[Entries taken from a collection]

==================================================

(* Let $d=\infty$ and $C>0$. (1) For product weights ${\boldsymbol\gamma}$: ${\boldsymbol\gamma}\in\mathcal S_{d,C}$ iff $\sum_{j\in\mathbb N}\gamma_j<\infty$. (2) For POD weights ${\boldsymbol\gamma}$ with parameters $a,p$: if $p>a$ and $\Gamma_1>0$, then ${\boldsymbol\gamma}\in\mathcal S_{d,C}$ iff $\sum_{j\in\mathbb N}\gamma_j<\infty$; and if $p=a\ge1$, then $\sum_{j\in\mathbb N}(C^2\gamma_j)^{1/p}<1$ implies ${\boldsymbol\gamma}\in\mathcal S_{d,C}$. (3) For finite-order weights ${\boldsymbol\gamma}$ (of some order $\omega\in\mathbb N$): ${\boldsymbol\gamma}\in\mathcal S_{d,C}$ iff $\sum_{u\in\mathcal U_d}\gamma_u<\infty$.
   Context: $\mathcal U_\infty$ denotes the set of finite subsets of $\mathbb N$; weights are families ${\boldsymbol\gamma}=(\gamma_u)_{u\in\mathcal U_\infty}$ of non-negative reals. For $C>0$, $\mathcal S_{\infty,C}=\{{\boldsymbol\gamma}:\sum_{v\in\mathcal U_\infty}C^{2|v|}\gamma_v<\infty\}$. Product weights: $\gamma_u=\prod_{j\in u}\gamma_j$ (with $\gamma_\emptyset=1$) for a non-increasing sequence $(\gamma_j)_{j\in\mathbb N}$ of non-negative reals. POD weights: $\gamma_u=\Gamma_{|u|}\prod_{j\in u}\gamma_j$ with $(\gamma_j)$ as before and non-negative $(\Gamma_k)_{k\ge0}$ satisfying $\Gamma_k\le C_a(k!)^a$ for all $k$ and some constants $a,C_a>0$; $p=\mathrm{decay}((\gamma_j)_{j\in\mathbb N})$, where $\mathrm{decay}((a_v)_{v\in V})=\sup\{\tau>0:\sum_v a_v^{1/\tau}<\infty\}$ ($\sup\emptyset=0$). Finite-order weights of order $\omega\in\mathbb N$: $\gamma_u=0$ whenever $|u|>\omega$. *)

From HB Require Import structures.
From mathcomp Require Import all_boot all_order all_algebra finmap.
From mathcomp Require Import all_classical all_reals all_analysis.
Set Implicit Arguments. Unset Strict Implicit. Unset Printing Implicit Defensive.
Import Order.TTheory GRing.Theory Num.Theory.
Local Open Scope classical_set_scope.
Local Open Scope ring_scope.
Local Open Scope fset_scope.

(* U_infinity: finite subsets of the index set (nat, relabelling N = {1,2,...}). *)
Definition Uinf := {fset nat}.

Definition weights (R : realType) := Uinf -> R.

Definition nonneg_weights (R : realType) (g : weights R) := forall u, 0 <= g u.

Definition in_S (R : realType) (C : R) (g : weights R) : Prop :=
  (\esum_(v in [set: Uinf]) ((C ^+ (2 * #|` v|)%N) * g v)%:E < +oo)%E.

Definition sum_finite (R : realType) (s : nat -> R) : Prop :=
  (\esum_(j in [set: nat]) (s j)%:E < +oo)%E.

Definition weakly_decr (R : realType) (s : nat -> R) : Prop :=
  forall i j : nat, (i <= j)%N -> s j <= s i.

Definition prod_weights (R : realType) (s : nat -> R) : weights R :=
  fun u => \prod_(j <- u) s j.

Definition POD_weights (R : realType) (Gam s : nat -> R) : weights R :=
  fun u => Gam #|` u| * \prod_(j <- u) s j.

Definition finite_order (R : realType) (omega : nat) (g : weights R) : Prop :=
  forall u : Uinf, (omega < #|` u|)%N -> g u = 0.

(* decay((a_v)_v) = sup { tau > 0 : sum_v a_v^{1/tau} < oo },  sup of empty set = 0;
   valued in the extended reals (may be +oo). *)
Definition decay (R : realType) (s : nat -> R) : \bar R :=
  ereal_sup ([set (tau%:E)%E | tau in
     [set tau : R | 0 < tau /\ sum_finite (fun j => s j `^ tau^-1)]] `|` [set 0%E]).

==================================================

**Work task**. Among the records, find the lines that contain "Definition" and copy each of them.

**Final answer**.
Definition Uinf := {fset nat}.
Definition weights (R : realType) := Uinf -> R.
Definition nonneg_weights (R : realType) (g : weights R) := forall u, 0 <= g u.
Definition in_S (R : realType) (C : R) (g : weights R) : Prop :=
Definition sum_finite (R : realType) (s : nat -> R) : Prop :=
Definition weakly_decr (R : realType) (s : nat -> R) : Prop :=
Definition prod_weights (R : realType) (s : nat -> R) : weights R :=
Definition POD_weights (R : realType) (Gam s : nat -> R) : weights R :=
Definition finite_order (R : realType) (omega : nat) (g : weights R) : Prop :=
Definition decay (R : realType) (s : nat -> R) : \bar R :=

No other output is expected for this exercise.